● DIRECTIONS:
What is the number of lines in the data that contain "subsetUl"? Nothing besides that number, please.

● SUPPLIED MATERIAL:
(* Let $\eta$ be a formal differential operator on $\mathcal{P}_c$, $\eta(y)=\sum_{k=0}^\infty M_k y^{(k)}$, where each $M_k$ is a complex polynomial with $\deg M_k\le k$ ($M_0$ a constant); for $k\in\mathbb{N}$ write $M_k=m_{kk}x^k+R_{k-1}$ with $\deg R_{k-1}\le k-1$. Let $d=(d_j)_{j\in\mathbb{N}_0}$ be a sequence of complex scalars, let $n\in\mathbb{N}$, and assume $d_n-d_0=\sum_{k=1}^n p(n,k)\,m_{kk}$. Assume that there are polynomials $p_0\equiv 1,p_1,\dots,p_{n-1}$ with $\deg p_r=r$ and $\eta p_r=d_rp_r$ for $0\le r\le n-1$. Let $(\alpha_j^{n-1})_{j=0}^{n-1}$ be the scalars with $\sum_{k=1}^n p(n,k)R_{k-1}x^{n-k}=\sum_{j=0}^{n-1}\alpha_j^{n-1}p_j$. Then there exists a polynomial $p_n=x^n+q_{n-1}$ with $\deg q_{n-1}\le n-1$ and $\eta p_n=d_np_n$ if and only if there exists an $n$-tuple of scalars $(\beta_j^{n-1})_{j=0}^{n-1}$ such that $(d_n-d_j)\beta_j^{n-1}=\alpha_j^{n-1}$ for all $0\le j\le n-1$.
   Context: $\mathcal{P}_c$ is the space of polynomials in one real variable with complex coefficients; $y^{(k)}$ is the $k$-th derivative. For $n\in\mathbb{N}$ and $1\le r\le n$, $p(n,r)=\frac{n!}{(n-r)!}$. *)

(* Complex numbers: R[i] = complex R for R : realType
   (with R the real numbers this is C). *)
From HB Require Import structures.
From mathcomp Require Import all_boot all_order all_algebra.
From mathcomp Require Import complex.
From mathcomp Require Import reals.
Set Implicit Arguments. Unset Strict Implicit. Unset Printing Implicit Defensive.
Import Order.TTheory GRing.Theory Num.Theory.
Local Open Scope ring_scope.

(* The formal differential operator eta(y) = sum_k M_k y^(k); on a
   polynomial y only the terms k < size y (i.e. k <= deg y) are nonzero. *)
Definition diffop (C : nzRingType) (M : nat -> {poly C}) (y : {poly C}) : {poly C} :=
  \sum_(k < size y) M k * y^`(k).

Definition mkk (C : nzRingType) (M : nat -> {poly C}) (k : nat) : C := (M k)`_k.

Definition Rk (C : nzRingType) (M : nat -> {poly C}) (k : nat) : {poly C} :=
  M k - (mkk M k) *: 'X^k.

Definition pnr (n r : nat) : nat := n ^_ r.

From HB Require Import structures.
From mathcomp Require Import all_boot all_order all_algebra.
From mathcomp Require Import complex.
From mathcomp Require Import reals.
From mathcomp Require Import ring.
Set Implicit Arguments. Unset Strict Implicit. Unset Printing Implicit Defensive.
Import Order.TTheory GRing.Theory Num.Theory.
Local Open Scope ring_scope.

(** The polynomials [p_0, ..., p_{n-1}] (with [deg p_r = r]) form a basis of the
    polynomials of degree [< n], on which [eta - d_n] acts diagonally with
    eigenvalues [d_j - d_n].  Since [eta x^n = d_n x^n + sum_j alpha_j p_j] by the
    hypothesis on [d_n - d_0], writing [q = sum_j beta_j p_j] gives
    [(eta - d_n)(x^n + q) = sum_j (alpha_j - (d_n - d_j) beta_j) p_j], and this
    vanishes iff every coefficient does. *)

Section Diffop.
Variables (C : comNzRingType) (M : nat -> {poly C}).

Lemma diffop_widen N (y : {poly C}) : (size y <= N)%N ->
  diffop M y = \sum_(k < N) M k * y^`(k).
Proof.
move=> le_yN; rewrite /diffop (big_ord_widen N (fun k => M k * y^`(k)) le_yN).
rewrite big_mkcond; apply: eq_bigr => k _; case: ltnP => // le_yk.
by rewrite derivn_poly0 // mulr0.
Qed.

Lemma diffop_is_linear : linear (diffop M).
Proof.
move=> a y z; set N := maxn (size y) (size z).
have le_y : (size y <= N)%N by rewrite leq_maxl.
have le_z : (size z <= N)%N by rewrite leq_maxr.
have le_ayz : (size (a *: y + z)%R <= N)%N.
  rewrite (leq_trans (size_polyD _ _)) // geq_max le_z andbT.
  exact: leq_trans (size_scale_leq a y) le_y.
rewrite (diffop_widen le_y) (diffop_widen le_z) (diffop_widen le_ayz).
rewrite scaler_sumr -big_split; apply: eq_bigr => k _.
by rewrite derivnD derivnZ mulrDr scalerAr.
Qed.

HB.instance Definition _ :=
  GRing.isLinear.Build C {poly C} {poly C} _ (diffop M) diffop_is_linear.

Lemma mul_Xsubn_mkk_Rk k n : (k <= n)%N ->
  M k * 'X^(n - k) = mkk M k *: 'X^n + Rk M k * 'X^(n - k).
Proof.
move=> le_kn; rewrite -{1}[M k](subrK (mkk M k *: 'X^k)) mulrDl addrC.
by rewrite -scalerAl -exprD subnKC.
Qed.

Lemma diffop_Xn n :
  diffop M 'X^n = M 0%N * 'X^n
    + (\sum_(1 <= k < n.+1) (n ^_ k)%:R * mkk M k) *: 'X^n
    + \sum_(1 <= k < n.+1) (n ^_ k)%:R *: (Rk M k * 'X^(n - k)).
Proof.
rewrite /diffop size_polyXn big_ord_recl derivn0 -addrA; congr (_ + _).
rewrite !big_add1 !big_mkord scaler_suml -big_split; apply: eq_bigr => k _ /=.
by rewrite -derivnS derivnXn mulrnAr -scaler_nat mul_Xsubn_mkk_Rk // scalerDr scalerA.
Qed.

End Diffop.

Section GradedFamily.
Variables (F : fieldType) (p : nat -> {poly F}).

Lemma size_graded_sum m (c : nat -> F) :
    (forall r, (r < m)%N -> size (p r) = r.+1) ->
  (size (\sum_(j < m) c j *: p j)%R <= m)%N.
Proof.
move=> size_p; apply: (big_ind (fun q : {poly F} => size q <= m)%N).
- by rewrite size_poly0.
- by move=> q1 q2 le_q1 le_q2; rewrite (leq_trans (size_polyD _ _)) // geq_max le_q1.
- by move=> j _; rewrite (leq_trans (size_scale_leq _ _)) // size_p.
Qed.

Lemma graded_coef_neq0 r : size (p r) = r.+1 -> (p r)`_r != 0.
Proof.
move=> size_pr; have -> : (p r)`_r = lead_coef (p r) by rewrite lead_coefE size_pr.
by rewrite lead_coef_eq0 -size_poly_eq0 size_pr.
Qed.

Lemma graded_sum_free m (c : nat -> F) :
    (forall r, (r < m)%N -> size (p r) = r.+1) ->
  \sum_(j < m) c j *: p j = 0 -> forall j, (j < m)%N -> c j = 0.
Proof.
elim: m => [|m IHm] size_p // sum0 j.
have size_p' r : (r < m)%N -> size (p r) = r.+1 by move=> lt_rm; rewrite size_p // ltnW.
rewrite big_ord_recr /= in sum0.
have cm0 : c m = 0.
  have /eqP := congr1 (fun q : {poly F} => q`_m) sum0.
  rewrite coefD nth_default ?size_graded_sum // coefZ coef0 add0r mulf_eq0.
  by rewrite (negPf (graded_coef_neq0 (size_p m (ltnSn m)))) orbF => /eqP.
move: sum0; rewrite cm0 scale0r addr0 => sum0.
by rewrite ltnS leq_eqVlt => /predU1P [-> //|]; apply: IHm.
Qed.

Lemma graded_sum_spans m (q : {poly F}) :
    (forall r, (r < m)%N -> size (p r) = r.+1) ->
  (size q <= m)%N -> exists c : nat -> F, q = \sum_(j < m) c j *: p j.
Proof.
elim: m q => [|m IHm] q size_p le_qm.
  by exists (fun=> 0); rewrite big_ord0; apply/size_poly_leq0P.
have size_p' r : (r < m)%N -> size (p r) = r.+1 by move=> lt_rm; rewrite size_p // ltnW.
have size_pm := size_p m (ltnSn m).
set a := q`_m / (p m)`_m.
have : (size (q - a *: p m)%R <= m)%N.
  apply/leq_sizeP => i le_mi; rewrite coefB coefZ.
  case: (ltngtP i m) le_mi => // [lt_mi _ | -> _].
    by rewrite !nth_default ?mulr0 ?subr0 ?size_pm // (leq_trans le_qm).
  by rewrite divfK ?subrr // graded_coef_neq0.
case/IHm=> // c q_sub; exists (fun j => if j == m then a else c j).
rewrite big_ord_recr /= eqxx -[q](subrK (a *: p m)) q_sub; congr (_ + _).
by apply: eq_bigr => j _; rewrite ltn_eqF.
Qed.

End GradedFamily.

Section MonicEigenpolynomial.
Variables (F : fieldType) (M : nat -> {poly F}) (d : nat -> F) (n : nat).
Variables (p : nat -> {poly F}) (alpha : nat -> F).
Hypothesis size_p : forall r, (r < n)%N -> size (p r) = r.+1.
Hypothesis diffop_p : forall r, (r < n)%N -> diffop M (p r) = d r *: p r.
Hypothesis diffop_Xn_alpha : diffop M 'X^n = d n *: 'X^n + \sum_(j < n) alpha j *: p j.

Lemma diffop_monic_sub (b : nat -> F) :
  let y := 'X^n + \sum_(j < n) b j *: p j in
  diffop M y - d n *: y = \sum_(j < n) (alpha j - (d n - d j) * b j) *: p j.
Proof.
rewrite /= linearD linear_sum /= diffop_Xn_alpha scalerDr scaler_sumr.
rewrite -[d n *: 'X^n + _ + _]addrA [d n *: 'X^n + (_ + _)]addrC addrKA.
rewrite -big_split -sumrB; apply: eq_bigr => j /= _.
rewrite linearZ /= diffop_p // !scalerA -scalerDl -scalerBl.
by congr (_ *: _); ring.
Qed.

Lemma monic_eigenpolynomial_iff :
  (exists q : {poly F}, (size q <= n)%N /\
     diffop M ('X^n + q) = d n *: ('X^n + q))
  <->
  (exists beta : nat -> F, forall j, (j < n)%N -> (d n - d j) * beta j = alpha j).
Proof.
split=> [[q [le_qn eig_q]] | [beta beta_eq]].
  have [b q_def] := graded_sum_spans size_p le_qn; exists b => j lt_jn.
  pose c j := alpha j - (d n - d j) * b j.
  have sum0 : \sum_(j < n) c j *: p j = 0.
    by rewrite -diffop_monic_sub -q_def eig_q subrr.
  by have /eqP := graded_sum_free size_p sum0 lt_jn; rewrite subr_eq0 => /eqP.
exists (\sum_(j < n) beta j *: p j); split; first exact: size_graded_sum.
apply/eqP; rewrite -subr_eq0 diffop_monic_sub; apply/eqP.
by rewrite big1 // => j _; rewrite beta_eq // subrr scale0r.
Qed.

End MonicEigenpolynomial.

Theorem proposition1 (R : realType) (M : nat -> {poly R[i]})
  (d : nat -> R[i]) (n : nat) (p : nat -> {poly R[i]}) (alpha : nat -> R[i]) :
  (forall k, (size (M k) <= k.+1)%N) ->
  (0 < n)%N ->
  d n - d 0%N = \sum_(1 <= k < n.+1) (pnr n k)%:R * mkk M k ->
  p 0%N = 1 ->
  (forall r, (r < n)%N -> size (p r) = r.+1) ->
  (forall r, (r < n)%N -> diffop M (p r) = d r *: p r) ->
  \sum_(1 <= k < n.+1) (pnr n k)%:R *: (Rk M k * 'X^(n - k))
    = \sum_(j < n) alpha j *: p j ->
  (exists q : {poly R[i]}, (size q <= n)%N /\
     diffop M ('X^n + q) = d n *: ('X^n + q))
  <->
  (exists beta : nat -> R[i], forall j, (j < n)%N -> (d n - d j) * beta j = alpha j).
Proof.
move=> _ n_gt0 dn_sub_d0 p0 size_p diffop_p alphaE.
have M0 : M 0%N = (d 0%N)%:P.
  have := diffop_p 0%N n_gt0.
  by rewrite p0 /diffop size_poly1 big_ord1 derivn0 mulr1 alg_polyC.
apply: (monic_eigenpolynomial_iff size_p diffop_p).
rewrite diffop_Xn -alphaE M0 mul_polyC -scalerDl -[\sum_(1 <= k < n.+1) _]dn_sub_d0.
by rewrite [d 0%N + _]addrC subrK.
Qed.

...

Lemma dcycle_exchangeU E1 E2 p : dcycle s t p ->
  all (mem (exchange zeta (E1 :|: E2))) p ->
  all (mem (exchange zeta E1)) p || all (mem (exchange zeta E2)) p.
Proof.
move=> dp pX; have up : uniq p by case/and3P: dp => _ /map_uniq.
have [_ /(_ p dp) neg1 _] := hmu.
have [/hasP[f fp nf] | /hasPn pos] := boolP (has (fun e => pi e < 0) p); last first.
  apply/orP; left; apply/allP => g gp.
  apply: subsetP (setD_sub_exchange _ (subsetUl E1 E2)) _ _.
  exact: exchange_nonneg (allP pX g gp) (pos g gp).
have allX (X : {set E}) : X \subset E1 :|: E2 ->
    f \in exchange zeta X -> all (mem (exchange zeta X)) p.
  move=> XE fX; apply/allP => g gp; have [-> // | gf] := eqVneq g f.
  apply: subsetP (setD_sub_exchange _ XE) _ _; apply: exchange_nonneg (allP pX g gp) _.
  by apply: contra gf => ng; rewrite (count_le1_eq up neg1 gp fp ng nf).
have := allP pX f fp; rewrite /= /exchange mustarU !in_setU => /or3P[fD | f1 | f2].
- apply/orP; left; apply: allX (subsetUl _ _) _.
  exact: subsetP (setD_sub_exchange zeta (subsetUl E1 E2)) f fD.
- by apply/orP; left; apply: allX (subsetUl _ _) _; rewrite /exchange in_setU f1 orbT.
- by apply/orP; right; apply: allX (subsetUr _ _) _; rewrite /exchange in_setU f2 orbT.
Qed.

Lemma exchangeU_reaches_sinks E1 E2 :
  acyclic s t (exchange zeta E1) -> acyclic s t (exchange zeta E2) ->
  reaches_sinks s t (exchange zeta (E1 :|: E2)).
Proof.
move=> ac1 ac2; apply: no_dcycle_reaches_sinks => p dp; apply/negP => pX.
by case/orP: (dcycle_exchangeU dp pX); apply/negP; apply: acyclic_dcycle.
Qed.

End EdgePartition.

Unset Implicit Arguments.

--

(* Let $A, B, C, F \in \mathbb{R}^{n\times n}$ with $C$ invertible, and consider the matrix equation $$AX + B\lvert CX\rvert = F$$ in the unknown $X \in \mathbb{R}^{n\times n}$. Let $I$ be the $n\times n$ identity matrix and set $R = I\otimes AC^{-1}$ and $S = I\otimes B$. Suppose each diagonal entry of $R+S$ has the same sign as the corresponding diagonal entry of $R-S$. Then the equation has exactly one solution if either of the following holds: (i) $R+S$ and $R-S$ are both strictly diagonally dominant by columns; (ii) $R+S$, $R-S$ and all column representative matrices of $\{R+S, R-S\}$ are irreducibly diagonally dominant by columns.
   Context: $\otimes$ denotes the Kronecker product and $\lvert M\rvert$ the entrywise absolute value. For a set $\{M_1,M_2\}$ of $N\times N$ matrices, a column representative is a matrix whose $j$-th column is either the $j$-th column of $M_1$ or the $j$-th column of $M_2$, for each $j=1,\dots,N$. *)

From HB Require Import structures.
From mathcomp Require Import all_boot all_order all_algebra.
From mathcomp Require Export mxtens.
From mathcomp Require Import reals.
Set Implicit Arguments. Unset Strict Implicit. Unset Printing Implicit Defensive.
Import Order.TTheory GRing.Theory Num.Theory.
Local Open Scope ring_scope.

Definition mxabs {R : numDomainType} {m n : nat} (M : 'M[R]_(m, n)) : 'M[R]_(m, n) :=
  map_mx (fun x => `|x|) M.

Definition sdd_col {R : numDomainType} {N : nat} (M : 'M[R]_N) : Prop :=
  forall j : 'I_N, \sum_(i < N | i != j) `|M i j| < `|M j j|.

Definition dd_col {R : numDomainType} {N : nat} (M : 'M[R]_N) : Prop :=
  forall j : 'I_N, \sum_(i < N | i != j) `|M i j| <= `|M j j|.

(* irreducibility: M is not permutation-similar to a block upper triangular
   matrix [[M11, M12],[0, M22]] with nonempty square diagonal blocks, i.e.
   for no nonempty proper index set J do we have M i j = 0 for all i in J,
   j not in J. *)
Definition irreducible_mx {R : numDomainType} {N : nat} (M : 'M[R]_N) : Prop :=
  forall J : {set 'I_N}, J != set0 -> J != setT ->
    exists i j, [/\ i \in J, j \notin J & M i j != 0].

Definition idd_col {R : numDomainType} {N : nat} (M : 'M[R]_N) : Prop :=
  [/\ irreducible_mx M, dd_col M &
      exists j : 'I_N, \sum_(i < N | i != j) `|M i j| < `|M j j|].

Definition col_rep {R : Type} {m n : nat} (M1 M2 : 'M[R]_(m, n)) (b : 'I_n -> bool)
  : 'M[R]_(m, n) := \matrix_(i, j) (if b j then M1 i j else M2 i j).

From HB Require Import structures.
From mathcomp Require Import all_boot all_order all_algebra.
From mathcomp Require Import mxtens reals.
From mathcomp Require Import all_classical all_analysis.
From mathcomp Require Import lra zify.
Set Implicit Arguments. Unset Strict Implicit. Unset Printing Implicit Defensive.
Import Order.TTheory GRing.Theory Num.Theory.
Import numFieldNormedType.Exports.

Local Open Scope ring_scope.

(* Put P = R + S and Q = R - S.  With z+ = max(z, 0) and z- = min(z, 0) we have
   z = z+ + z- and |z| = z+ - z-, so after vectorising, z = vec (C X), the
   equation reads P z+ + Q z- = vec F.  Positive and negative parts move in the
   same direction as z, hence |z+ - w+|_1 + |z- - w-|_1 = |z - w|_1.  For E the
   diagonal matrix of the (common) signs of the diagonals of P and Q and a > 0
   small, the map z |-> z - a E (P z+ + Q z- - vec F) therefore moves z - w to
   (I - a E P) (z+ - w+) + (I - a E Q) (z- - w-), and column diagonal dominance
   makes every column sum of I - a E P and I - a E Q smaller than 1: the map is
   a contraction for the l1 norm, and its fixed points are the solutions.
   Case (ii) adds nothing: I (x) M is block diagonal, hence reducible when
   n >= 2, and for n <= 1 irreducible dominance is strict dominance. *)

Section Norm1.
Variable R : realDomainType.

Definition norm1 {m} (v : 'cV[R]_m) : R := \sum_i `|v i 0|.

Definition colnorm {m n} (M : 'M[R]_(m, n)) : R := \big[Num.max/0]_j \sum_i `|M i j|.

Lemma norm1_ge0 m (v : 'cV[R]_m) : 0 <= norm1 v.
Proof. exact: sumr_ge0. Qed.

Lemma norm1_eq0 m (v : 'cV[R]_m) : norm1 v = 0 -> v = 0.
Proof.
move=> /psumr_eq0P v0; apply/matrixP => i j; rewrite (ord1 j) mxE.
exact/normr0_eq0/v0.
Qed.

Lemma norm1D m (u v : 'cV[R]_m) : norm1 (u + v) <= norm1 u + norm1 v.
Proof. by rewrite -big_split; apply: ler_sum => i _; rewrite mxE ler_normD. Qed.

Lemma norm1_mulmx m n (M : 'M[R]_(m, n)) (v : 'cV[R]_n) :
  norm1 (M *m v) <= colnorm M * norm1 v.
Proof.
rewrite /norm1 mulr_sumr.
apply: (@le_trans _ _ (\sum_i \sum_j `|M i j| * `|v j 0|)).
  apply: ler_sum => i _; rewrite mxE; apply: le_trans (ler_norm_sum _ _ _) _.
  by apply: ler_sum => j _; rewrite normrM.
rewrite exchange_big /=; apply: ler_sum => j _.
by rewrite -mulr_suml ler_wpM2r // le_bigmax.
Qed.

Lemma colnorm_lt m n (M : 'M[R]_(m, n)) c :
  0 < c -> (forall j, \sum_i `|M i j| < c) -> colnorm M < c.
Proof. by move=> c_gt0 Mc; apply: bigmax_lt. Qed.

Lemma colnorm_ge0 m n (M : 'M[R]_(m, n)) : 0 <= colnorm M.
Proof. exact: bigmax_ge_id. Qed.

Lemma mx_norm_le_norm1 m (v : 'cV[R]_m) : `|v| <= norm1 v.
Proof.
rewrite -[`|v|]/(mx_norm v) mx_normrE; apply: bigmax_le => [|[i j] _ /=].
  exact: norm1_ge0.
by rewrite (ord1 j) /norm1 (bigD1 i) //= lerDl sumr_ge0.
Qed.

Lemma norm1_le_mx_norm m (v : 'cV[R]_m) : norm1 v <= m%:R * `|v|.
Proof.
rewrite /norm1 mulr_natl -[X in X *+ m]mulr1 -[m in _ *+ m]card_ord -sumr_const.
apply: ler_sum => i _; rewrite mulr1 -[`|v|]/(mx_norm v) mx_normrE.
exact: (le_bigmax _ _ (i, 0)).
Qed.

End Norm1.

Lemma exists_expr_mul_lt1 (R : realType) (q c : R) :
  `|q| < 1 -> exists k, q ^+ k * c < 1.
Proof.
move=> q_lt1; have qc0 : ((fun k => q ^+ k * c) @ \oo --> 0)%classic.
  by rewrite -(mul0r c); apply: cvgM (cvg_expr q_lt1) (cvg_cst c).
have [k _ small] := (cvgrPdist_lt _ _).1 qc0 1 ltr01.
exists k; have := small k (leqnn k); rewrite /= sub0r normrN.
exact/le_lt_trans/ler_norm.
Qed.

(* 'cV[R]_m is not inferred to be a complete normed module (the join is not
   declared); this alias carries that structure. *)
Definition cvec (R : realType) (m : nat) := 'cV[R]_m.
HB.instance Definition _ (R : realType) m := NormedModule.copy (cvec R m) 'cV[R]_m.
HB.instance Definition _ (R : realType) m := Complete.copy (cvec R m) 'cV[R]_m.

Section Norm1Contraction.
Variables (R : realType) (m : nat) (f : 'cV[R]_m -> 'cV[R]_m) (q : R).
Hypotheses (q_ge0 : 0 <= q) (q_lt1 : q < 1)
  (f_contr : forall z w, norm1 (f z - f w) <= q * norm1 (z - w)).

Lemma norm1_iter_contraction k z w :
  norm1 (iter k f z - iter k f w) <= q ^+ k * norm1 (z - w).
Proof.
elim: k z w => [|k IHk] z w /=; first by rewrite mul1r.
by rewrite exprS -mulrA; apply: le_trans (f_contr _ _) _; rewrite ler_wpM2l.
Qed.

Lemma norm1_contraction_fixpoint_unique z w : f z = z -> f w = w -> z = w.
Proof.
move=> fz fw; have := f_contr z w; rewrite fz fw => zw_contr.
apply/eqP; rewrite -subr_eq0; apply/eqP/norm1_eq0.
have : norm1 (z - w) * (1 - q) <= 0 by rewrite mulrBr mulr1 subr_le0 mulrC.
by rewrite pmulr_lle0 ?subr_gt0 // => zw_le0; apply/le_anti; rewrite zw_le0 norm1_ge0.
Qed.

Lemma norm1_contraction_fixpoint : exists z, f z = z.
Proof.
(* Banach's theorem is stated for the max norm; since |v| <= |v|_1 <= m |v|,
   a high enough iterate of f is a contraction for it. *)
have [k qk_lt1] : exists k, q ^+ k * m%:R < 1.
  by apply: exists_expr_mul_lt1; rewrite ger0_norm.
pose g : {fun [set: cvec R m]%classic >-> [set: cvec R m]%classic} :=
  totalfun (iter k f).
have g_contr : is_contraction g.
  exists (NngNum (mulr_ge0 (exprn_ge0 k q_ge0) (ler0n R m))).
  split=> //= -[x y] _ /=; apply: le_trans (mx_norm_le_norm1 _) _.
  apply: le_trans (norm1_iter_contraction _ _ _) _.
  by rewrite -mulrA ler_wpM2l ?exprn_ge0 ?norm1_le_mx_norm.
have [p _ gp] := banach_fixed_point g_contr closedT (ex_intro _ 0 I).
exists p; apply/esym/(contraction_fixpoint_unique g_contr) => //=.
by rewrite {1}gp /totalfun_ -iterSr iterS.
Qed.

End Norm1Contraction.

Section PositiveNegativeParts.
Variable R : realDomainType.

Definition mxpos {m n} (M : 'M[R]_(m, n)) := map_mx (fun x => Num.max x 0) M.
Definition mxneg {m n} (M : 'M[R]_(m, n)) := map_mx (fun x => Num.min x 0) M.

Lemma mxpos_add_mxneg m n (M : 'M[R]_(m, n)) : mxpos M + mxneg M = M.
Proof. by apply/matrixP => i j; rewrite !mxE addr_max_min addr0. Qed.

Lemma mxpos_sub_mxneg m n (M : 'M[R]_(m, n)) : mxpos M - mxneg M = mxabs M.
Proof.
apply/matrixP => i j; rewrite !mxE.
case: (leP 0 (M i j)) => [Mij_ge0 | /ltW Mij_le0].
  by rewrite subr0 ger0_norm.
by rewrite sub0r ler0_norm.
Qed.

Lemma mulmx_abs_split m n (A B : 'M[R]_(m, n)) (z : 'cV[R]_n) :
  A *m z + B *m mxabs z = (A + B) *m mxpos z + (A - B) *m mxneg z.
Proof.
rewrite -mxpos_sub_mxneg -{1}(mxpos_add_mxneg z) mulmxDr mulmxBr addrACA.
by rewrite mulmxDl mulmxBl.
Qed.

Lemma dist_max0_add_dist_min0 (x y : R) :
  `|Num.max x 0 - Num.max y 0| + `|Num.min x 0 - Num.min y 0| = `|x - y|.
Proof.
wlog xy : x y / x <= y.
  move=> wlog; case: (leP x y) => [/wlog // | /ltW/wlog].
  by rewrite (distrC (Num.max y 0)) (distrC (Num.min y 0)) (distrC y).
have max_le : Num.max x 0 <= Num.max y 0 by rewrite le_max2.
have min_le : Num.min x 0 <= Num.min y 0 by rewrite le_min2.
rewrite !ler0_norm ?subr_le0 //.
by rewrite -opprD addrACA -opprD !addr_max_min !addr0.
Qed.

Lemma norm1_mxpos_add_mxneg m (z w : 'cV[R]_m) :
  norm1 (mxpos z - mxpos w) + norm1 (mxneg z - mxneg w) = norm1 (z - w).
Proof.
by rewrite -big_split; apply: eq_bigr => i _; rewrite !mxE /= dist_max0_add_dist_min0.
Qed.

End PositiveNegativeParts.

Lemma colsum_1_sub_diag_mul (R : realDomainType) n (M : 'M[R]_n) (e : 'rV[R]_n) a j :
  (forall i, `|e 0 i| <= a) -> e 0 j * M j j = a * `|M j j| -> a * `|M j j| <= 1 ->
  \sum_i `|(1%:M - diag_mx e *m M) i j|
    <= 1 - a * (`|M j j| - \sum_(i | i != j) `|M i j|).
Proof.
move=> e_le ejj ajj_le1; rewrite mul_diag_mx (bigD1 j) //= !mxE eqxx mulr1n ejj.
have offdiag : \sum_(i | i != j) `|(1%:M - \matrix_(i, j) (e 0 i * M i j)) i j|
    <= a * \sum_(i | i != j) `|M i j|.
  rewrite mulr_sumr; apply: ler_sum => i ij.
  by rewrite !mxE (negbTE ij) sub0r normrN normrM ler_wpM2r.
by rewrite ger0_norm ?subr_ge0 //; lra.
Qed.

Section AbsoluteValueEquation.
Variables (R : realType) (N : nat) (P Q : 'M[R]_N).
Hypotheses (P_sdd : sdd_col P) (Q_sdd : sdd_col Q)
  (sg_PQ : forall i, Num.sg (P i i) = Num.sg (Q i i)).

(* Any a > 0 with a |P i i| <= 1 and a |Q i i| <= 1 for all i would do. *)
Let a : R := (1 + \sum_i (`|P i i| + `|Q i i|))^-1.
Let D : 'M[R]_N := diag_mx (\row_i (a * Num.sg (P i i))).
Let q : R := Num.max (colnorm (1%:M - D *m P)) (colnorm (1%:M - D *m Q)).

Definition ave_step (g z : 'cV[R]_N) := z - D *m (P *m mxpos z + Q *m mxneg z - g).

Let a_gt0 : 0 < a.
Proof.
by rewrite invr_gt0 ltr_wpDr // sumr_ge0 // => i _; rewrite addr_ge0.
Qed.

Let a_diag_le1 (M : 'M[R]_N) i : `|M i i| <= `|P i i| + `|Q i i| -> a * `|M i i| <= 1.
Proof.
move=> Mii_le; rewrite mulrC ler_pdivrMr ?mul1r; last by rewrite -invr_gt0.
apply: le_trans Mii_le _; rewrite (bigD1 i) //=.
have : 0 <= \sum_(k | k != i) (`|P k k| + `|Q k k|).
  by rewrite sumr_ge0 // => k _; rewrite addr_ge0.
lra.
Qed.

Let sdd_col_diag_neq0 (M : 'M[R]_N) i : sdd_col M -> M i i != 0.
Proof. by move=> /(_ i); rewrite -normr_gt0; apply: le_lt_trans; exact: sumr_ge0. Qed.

● WRITTEN REPLY:
4